Despite Downgrades, S&P Sees Growth For Chubb
By Michael Ha
NU Online News Service, March 26, 12:31 p.m. EST?Standard & Poor's Ratings Services has downgraded Chubb Corp.'s senior debt to "A" from "A-plus" and lowered its financial strength rating for Chubb's insurance subsidiaries to "double-A" from "double-A-plus" with a "stable" outlook.
But despite its downgrade action, S&P offered a positive 2003 forecast for the Warren, N.J.-based insurer, predicting some 20 percent growth in net written premiums and a strong overall operating performance.
Commenting on its action, the New York-based credit ratings agency said Chubb had suffered adverse loss experience across most of its business lines over the past three years, which is somewhat uncommon for a "double-A-plus"-rated company.
S&P also noted it does not believe the company's operating performance and capital strength support its former "A-plus" senior debt rating.
"Most recently, the company has been negatively affected by adverse loss experience in its specialty commercial lines--directors and officers liability, errors and omissions liability--and its U.S. homeowners line, which are lines of business that have historically been very profitable," said Michael Gross, a credit analyst at S&P.
He also warned that although these business lines' results are expected to improve this year, benefits would be somewhat offset by a number of factors, including competitive pricing and terms, as well as increased reinsurance costs.
S&P noted in its downgrade report that although Chubb's operating performance in 2003 is expected to be very strong, it believes that the company needs to continue rate increases across most business lines and more effectively manage its "relatively high expense structure."
The rating agency added that Chubb is more capital constrained in 2003 than in prior years because of charges over the past 18 months relating to 9/11 terrorism attacks, Enron-related surety losses, and asbestos reserve strengthening, as well as reserve strengthening for directors and officers liability exposure.

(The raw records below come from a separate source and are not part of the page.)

(* Let $k$ be an algebraically closed field of characteristic zero. Let $A$ be an integral normal $k$-algebra of finite type endowed with a locally nilpotent $k$-derivation $\partial$, let $F_n=\ker\partial^{n+1}$ ($n\geq0$), $F_{-1}=\{0\}$, and let $R(A,\partial)=\bigoplus_{n\geq0}F_n$ be its Rees algebra. The following are equivalent: (1) $R(A,\partial)$ is finitely generated over $k$; (2) the associated graded algebra $\mathrm{gr}_\partial A=\bigoplus_{n\geq0}F_n/F_{n-1}$ is finitely generated over $k$; (3) the $k$-algebra $A_0=F_0=\ker\partial$ is finitely generated and $R(A,\partial)_+=\bigoplus_{n>0}F_n$ is a finitely generated $R(A,\partial)$-module.
   Context: $R(A,\partial)$ and $\mathrm{gr}_\partial A$ carry the multiplication induced by that of $A$ (note $F_mF_n\subseteq F_{m+n}$). Equivalently $R(A,\partial)$ is the graded subalgebra $\bigoplus_n F_n\upsilon^n$ of $A[\upsilon]$. *)

From HB Require Import structures.
From mathcomp Require Import all_boot all_order all_algebra.
From mathcomp Require Import fraction.
Set Implicit Arguments. Unset Strict Implicit. Unset Printing Implicit Defensive.
Import GRing.Theory.
Local Open Scope ring_scope.

(* A commutative k-algebra is an idomain A together with a structure ring
   morphism iota : k -> A.  Subalgebras are predicates (B -> Prop). *)

Section Defs.
Variable k : fieldType.

Definition ksubalg_closed (B : nzRingType) (j : k -> B) (T : B -> Prop) :=
  [/\ forall c, T (j c),
      forall x y, T x -> T y -> T (x + y) &
      forall x y, T x -> T y -> T (x * y)].

Definition in_gen_subalg (B : nzRingType) (j : k -> B) (s : seq B) (x : B) :=
  forall T : B -> Prop, ksubalg_closed j T -> (forall y, y \in s -> T y) -> T x.

Definition fg_subalg (B : nzRingType) (j : k -> B) (S : B -> Prop) :=
  exists s : seq B, (forall y, y \in s -> S y) /\
                    (forall x, S x <-> in_gen_subalg j s x).

Definition finite_type (A : nzRingType) (iota : k -> A) :=
  fg_subalg iota (fun _ => True).

Definition normal_domain (A : idomainType) :=
  forall x : {fraction A}, integralOver (@tofrac A) x -> exists a : A, x = tofrac a.

Definition is_kderivation (A : comNzRingType) (iota : {rmorphism k -> A})
    (D : A -> A) :=
  [/\ forall x y, D (x + y) = D x + D y,
      forall x y, D (x * y) = D x * y + x * D y &
      forall c x, D (iota c * x) = iota c * D x].

Definition locally_nilpotent (A : nzRingType) (D : A -> A) :=
  forall a, exists n, iter n D a = 0.

Definition Filt (A : nzRingType) (D : A -> A) (n : nat) (a : A) :=
  iter n.+1 D a = 0.

Definition Filt_prev (A : nzRingType) (D : A -> A) (n : nat) (a : A) :=
  if n is m.+1 then Filt D m a else a = 0.
Lemma orphan_nonpeak j : ~~ peak j (orphan j).
Proof. by rewrite -peaksE peaks_orphan flipE eqxx ffunE. Qed.

Lemma peak_neq_orphan j b : peak j b -> b != orphan j.
Proof. by apply: contraTneq => ->; apply: orphan_nonpeak. Qed.

Definition orphan_nbrs j := [set y | G j (orphan j) y].

Lemma orphan_nbr_peak j b : b \in orphan_nbrs j -> peak j b.
Proof. by rewrite inE => /peak_edge; rewrite (negbTE (orphan_nonpeak j)); case: (peak j b). Qed.

Lemma peak_deg_partner_le j b : peak j b ->
  dg j (partner j b) + (b \in orphan_nbrs j) <= dg j b.
Proof.
move=> peak_b; have nb := peak_neq_orphan peak_b.
case/orP: (flip_deg (peaks_partner nb) peak_b) => [lt_pb|/andP [/eqP deg_p /eqP deg_b]].
  by case: (b \in _); rewrite ?addn1 ?addn0 // ltnW.
case: (boolP (b \in orphan_nbrs j)) => [b_nbr|]; last by rewrite addn0 deg_p deg_b.
have b_orphan : G j b (orphan j) by rewrite colG_sym -inE.
have := two_nbrs_deg b_orphan (partner_edge nb).
by rewrite eq_sym partner_neq_orphan // deg_b => /(_ isT).
Qed.

(* Counted over the peaks of G_j, the degree excess over the partners is
   exactly the degree of the orphan, whose partner is missing; so the
   inequalities of peak_deg_partner_le are equalities. *)
Lemma peak_deg_partner j b : peak j b ->
  dg j b = dg j (partner j b) + (b \in orphan_nbrs j).
Proof.
move=> peak_b.
pose A (w : signature) := w j && (w != ones).
pose in_nbrs x := (x \in orphan_nbrs j : nat).
have balance : \sum_(w | A w) (at_peaks (dg j) (flip j w) + at_peaks in_nbrs w) =
               \sum_(w | A w) at_peaks (dg j) w.
  have := flip_balance j; rewrite (bigD1 ones) ?ffunE //= [in RHS](bigD1 ones) ?ffunE //=.
  rewrite (at_peaks_missing _ ones_missing) -peaks_orphan at_peaksE add0n => <-.
  rewrite big_split /= addnC; congr (_ + _).
  rewrite sum_at_peaks /deg -sum1_card big_mkcond [RHS]big_mkcond /=.
  apply: eq_bigr => x _; rewrite /A /in_nbrs peaks_neq_ones andbT peaksE -/(orphan_nbrs j).
  by case: (boolP (x \in orphan_nbrs j)) => [/orphan_nbr_peak ->|_]; rewrite ?if_same.
have le_A w : A w -> at_peaks (dg j) (flip j w) + at_peaks in_nbrs w <= at_peaks (dg j) w.
  case/andP => wj /peaks_onto/codomP [b' eq_w]; rewrite eq_w peaksE in wj *.
  by rewrite -(peaks_partner (peak_neq_orphan wj)) !at_peaksE peak_deg_partner_le.
have := eq_of_leq_sum le_A balance (i := peaks b).
rewrite /A peaksE peak_b peaks_neq_ones -(peaks_partner (peak_neq_orphan peak_b)).
by rewrite !at_peaksE => /(_ isT).
Qed.

Lemma peak_deg1 j b : peak j b -> b \notin orphan_nbrs j -> dg j b = 1.
Proof.
move=> peak_b b_nbr; have := peak_deg_partner peak_b; rewrite (negbTE b_nbr) addn0 => eq_deg.
case/orP: (flip_deg (peaks_partner (peak_neq_orphan peak_b)) peak_b) => [|/andP [_ /eqP //]].
by rewrite eq_deg ltnn.
Qed.
Lemma plugged_program_step F G F0 F1 q0 q1 t0' :
  env_ok F -> X_env X G -> env_sub F G ->
  closed (plugF F0 q0) -> closed (plugF F1 q1) -> fctx_rel G F0 F1 ->
  is_program q0 -> is_program q1 -> X_tri X G q0 q1 ->
  step (plugF F0 q0) t0' -> exists t1', steps (plugF F1 q1) t1' /\ sim_answer F t0' t1'.
Proof.
  intros HF HXG Hs Hc0 Hc1 HF01 Hq0 Hq1 Hq Hstep.
  destruct (fctx_rel_evalctx _ _ _ HF01) as [HF0 HF1].
  destruct q0 as [| | | | q]; simpl in Hq0; try tauto.
  destruct (step_plugF_Reset_inv _ _ _ HF0 Hstep) as (q0' & Hsq & ->).
  pose proof HX as (_ & _ & _ & H2 & _); destruct (H2 G (Reset q) q1 I Hq1 Hq) as [H2a H2b].
  destruct (program_step (Reset q) q0' I Hsq) as [Hpq | Hvq].
  - destruct (H2a _ Hsq Hpq) as (q1' & Hss & Hpq1 & Hq').
    destruct (X_tri_closed _ _ _ Hq') as [Hcq0 Hcq1].
    exists (plugF F1 q1'); split; [apply steps_plugF; auto |].
    apply sim_answer_plug with G; auto.
    + exact (closed_at_plugF _ _ _ _ Hc0 Hcq0).
    + exact (closed_at_plugF _ _ _ _ Hc1 Hcq1).
  - (* the inner program returned: its value joins the environment of [X] *)
    destruct (H2b _ Hsq Hvq) as (w1 & Hss & Hvw & Henv).
    destruct (X_env_ok _ Henv q0' w1 (or_introl (conj eq_refl eq_refl)))
      as (_ & Hcw0 & _ & Hcw1).
    exists (plugF F1 w1); split; [apply steps_plugF; auto |].
    apply sim_answer_compat with (add_pair q0' w1 G); auto.
    + eapply env_sub_weaken; eauto; intros; right; auto.
    + exact (closed_at_plugF _ _ _ _ Hc0 Hcw0).
    + exact (closed_at_plugF _ _ _ _ Hc1 Hcw1).
    + apply fctx_rel_plugF; [| apply to_base; left; auto].
      eapply fctx_rel_mono; [| eauto]; intros; apply to_base; right; auto.
Qed.

Lemma cc_tri_program_step F p0 p1 t0' :
  cc_tri X F p0 p1 -> is_program p0 -> is_program p1 -> step p0 t0' ->
  exists t1', steps p1 t1' /\ sim_answer F t0' t1'.
Proof.
  intros [G HF Hc0 Hc1 HXG Hs Hr] Hp0 Hp1 Hstep.
  destruct Hr as [t0 t1 Ht | F0 F1 q0 q1 HF01 Hq0 Hq1 Hq | t0 t1 Ht].
  - destruct (tilde_open_program_step G t0 t1 t0' HXG Ht Hc0 Hc1 Hp0 Hstep)
      as (t1' & Hstep1 & Hr).
    pose proof (step_closed _ _ Hstep Hc0); pose proof (step_closed _ _ Hstep1 Hc1).
    exists t1'; split; [apply rt_step, Hstep1 |].
    destruct Hr as [Ht' | (F0 & F1 & s0 & s1 & -> & -> & HF01 & Hnp & Hst)].
    + apply sim_answer_compat with G; auto.
    + apply sim_answer_nonpure with G; auto.
  - apply (plugged_program_step F G F0 F1 q0 q1); auto.
  - apply (plugged_program_step F G FHole FHole t0 t1); auto.
Qed.

Lemma cc_tri_Reset_plug F t0 t1 E0 E1 :
  cc_tri X F t0 t1 -> ~ (is_program t0 /\ is_program t1) ->
  purectx E0 -> purectx E1 -> hat F E0 E1 ->
  cc_tri X F (Reset (plugF E0 t0)) (Reset (plugF E1 t1)).
Proof.
  intros [G HF Hc0 Hc1 HXG Hs Hr] Hn HE0 HE1 Hh.
  destruct (hat_closed _ _ _ _ _ Hh Hc0 Hc1) as [Hd0 Hd1].
  assert (HFG : forall a b, F a b -> tilde_open G a b) by eauto using env_sub_tilde_open.
  apply cc_tri_intro with G; auto.
  destruct Hr as [t0 t1 Ht | F0 F1 p0 p1 HF01 Hp0 Hp1 Hp | t0 t1 Ht].
  - apply ctx_rel_compat, to_reset, fctx_rel_plugF; eauto using hat_fctx_rel.
  - pose proof (ctx_rel_plug X G (FReset (fctx_comp E0 F0)) (FReset (fctx_comp E1 F1)) p0 p1)
      as Hplug.
    simpl in Hplug; rewrite !plugF_comp in Hplug.
    apply Hplug; auto.
    apply fctx_rel_reset, fctx_rel_comp; eauto using hat_fctx_rel.
  - apply ctx_rel_base; pose proof HX as (_ & _ & H1 & _); apply H1; eauto using hat_mono.
Qed.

A.M. Best also expressed similar capital concerns earlier this month, when it assigned a "double-a-minus" senior debt rating for Chubb. The Oldwick, N.J.-based insurance rating firm noted that Chubb's interest expense and shareholder dividends would amount to some $400 million in 2003.
"The ability to accumulate capital at the subsidiary level, which is needed to support more rapid growth in the current hard property-casualty markets, remains constrained," A.M. Best said.
On a brighter note, S&P said Chubb is expected to boost capital strength by raising new equity. Additionally, Chubb continues to enjoy strong brand-name recognition globally and strong capitalization on a consolidated basis.
"Chubb continues to distinguish itself from the competition through innovative bundled and unbundled niche product development, exceptional global service capability, and a respected brand name reinforced by Chubb's underwriting discipline," S&P stated.
S&P expects Chubb's total growth in net written premium to be about 20 percent in 2003 and expects very strong operating performance, thanks to a consolidated combined ratio of less than 100 percent, excluding catastrophic events.